Üç sözlüğe, iki de ansiklopedik sözlüğe baktım, beşinde de hemen hemen aynı tanımlar vardı “külhanbeyi” kelimesinin karşısında. Pars Tuğlacı’nın Ansiklopedik Sözlük Okyanus’u “Kendine özgü giyiniş ve konuşma tarzları olan haylaz delikanlı takımından, düzensiz, saldırıcı ve toplum düzeni için zararlı olan kimse” diye tarif ediyor külhanbeyini. Meydan Larousse’a göre ise külhanbeyi “Geceleri hamam külhanında yatan yersiz yurtsuz kimse.” Türk Dil Kurumu’nun çıkardığı Türkçe Sözlük külhanbeyinin yukarıdaki tanımlarına bir de “argo kullanan, başıboş, kabadayı, serseri, hayta, külhani, apaş” sıfatlarını ekliyor.

Dilimizin ilk lügatini yazan Şemsettin Sami Kamus-ı Türkî’de “Geceyi hamam ateşliğinin sıcak olan kısm-ı haricinde geçiren serseri ve yaramaz çocuk, sokak çapkını” diyor külhanbeyi için. Ferit Develioğlu ise Osmanlıca-Türkçe Ansiklopedik lügatinde kelimeyi “okşama ile azarlama sözcüğü” olarak oldukça yumuşatıyor ve “çapkın serseri” diye açıklıyor.
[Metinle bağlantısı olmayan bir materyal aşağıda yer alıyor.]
Lemma bameet_scalel_le (r : R) a b :
  1 <= r -> 0 <=: b -> meet (r *: a) b <=: r *: meet a b.
Proof.
move=> r_ge1 hb; rewrite scaler_bameet ?(lt_le_trans ltr01) //.
apply: bameet_le2; first exact: bale_refl.
by rewrite -{1}(scale1r b); apply: bale_scalel.
Qed.

Lemma bameet1_le0 a : 0 <=: a -> meet a 1 <=: 0 -> a <=: 0.
Proof.
move=> ha h; have [k [k_ge0 hk]] := ba_boundedR a.
have k1_ge1 : 1 <= k + 1 by rewrite lerDr.
have hak : a <=: (k + 1) *: 1.
  by apply: bale_trans hk _; apply: bale_alg; rewrite lerDl.
rewrite -(bameet_idl hak) bameetC.
apply: bale_trans (bameet_scalel_le _ k1_ge1 ha) _.
rewrite -(scaler0 _ (k + 1)) bameetC.
exact: bale_scaler (le_trans ler01 k1_ge1) h.
Qed.

Lemma bameet_mul0 c a b :
  0 <=: c -> 0 <=: a -> 0 <=: b -> meet a b = 0 -> meet (c * a) b = 0.
Proof.
move=> hc ha hb hab; have [k [k_ge0 hk]] := ba_boundedR c.
have hk1 : c <=: (k + 1)%:A by apply: bale_trans hk _; apply: bale_alg; rewrite lerDl.
apply: bale_anti; last by apply: bameet_glb => //; apply: bale_mul.
apply: bale_trans (bameet_le2 (bale_mul_alg hk1 ha) (bale_refl L b)) _.
rewrite -(scaler0 _ (k + 1)) -hab; apply: bameet_scalel_le => //.
by rewrite lerDr.
Qed.
Lemma greedy_choices_optimal (i0 : I) (l : seq I) (m : I -> nat) :
  (forall j r, 0 <= d j r) -> greedy_choices l -> (\sum_j m j <= size l)%N ->
  \sum_j cumulative_gain j (m j) <= \sum_j cumulative_gain j (count_mem j l).
Proof.
move=> d_ge0 greedy le_m.
pose x := [arg max_(i > i0) d i (count_mem i l)]%O.
have x_max j : d j (count_mem j l) <= d x (count_mem x l).
  by rewrite /x; case: arg_maxP => // i _; apply.
apply: (@cumulative_gain_threshold (d x (count_mem x l))) => //.
- by move=> j r; apply: greedy_choices_gain_ge.
- by move=> j r le_r; apply: le_trans (x_max j); apply: d_nonincreasing.
- by rewrite sum_count_mem.
Qed.

End GreedyExchange.

Section Allocation.
Context {R : realType} {K : nat} (c : 'I_K -> R) (s : R).
Hypotheses (c_gt0 : forall k, 0 < c k) (s_gt0 : 0 < s).

Lemma samples_per_step_ge0 k : 0 <= s / c k.
Proof. by rewrite divr_ge0 // ltW. Qed.

Lemma step_coord j k : step c s j 0 k = (j == k)%:R * (s / c j).
Proof. by rewrite !mxE eqxx eq_sym mulrC. Qed.

Lemma alloc_coord l k : alloc c s l 0 k = (count_mem k l)%:R * (s / c k).
Proof.
elim: l => [|i l IH]; first by rewrite /alloc big_nil mxE mul0r.
rewrite /alloc big_cons mxE -/(alloc c s l) IH step_coord /=.
by case: eqVneq => [->|_]; rewrite ?mul0r ?add0r // natrD mulrDl mul1r.
Qed.

Lemma alloc_nonneg l : nonneg_vec (alloc c s l).
Proof. by move=> k; rewrite alloc_coord mulr_ge0 ?samples_per_step_ge0. Qed.

Lemma step_nonneg j : nonneg_vec (step c s j).
Proof. by move=> k; rewrite step_coord mulr_ge0 ?samples_per_step_ge0. Qed.

Lemma nonneg_vecD {p q : 'rV[R]_K} :
  nonneg_vec p -> nonneg_vec q -> nonneg_vec (p + q).
Proof. by move=> p_ge0 q_ge0 k; rewrite mxE addr_ge0. Qed.

Lemma alloc_rcons l i : alloc c s (rcons l i) = alloc c s l + step c s i.
Proof. by rewrite /alloc -cats1 big_cat big_seq1. Qed.

Lemma count_mem_rcons (l : seq 'I_K) i j :
  count_mem j (rcons l i) = (count_mem j l + (i == j))%N.
Proof. by rewrite -cats1 count_cat /= addn0. Qed.

Lemma cost_alloc l : cost c (alloc c s l) = (size l)%:R * s.
Proof.
rewrite /cost -sum_count_mem natr_sum mulr_suml; apply: eq_bigr => k _.
by rewrite alloc_coord mulrCA [c k * _]mulrC divfK ?gt_eqF.
Qed.

Lemma on_grid_alloc l : on_grid c s (alloc c s l).
Proof. by move=> k; exists (count_mem k l); apply: alloc_coord. Qed.

Lemma on_grid_eq_alloc n : on_grid c s n -> exists l, n = alloc c s l.
Proof.
move=> /choice[m nE]; have [l lE] := exists_seq_count_mem m.
by exists l; apply/rowP => k; rewrite alloc_coord lE nE.
Qed.

Lemma greedy_run_cost_le a M B l (m : nat) : greedy_run a M c B s l ->
  B = m%:R * s -> cost c (alloc c s l) <= B.
Proof.
case/lastP: l => [|l i] [run _] B_eq; subst B; rewrite cost_alloc ler_pM2r // ler_nat //.
have [+ _] := run l i [::] (esym (cats1 l i)).
by rewrite cost_alloc ltr_pM2r // ltr_nat size_rcons.
Qed.

Section Utility.
Variables (a : 'I_K -> R) (M : 'I_K -> 'rV[R]_K -> R).
Hypotheses (a_ge0 : forall k, 0 <= a k)
  (M_concave : forall k, concave_on_orthant (M k))
  (M_increasing : forall k, increasing_on_orthant (M k))
  (M_derivable : forall k j p, nonneg_vec p -> derivable (M k) p (basis_vec j))
  (M_separable : forall j p q, nonneg_vec p -> nonneg_vec q -> p 0 j = q 0 j ->
     forall k, 'D_(basis_vec j) (M k) p = 'D_(basis_vec j) (M k) q).

Local Notation U := (utility a M).

Definition gain j p := U (p + step c s j) - U p.

Definition marginal j r := gain j (alloc c s (nseq r j)).

Lemma gainE j p : gain j p = \sum_k a k * (M k (p + step c s j) - M k p).
Proof. by rewrite /gain /utility -sumrB; apply: eq_bigr => k _; rewrite mulrBr. Qed.

Lemma gain_coord_eq j p q : nonneg_vec p -> nonneg_vec q -> p 0 j = q 0 j ->
  gain j p = gain j q.
Proof.
move=> p_ge0 q_ge0 pq; rewrite !gainE; apply: eq_bigr => k _.
congr (_ * _); apply: coord_increment_eq => //.
- by move=> x; apply: M_derivable.
- by move=> x y x_ge0 y_ge0 xy; apply: M_separable.
- exact: samples_per_step_ge0.
Qed.

Lemma gain_ge0 j p : nonneg_vec p -> 0 <= gain j p.
Proof.
move=> p_ge0; rewrite gainE sumr_ge0 // => k _; rewrite mulr_ge0 // subr_ge0.
by apply: M_increasing => // i; rewrite mxE lerDl step_nonneg.
Qed.

Lemma gain_step_le j p : nonneg_vec p -> gain j (p + step c s j) <= gain j p.
Proof.
move=> p_ge0; rewrite !gainE; apply: ler_sum => k _; apply: ler_wpM2l => //.
set q := p + step c s j.
have q2_ge0 := nonneg_vecD (nonneg_vecD p_ge0 (step_nonneg j)) (step_nonneg j).
have midpoint : (2^-1 : R) *: p + (1 - 2^-1) *: (q + step c s j) = q.
  by apply/rowP => i; rewrite /q !mxE; lra.
have half_range : 0 <= (2^-1 : R) <= 1 by apply/andP; split; lra.
have := M_concave k _ _ _ p_ge0 q2_ge0 half_range; rewrite midpoint; lra.
Qed.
Konuyu gündeme Çalışma ve Sosyal Güvenlik Bakanı Sayın Mehmet Müezzinoğlu getirdi. Katıldığı bir toplantıda, Cumhurbaşkanı Recep Tayyip Erdoğan’a “külhanbeyi” denmesini eleştiren Sayın Bakan sözü Atatürk’e getirerek “Bu ülkenin en büyük külhanbeyi bu devletin kurucusu Atatürk’tür” demiş. Yazılı basından değil sesli ve görüntülü medyadan takip etmesem muhabir yanlış mı anladı diyeceğim ama diyemiyorum.

Her şey apaçık ortada; Sayın Bakan bu benzetmeyi yapmış. “Külhanbeyi” benzetmesi ister muhalifleri tarafından yergi anlamında Sayın Cumhurbaşkanı Recep Tayyip Erdoğan ve isterse Sayın Bakan gibi bu vatanın kurtarıcısı, bu devletin kurucusu Gazi Mustafa Kemal Atatürk için övgü amacıyla kullanılmış olsun yanlıştır. Ben, bu ülkenin mevcut ve geçmiş herhangi bir cumhurbaşkanının bu kelimeyle yerilmesine de ne kadar iyi niyetle olursa olsun böylesine yanlış bir kelimeyle övülmesine de karşıyım. Överken de yererken de desteklerken de karşı çıkarken de kelimeleri doğru seçmek ve saygıyı elden bırakmamak, bir başka ifadeyle ölçüyü kaçırmamak zorundayız.

Bu yanlışların temelinde kendi dilimizi yeterince ve doğru öğrenmememiz kadar hazırlıksız ve gereksiz konuşma tutkumuzun da büyük payı var. Çok konuşuyoruz. İhtisasımız olan konuda da olmayan konuda da konuşuyoruz ve ister istemez pot kırıyor, çam deviriyoruz. Doğup büyüdüğü toprakları terk etmenin acısını herkesten fazla bilen/bilmesi gereken Sayın Müezzinoğlu’nun niyetinden asla şüphe etmem söz konusu değil ama benzetmesi hem ilk cumhurbaşkanımız Gazi Mustafa Kemal Atatürk hem de şimdiki cumhurbaşkanımız Sayın Recep Tayyip Erdoğan açısından hiç de hoş olmadı. Umarım siyasetçilerimiz ve devlet adamlarımız, bu talihsiz söylemden gelecek adına gerekli dersleri alır.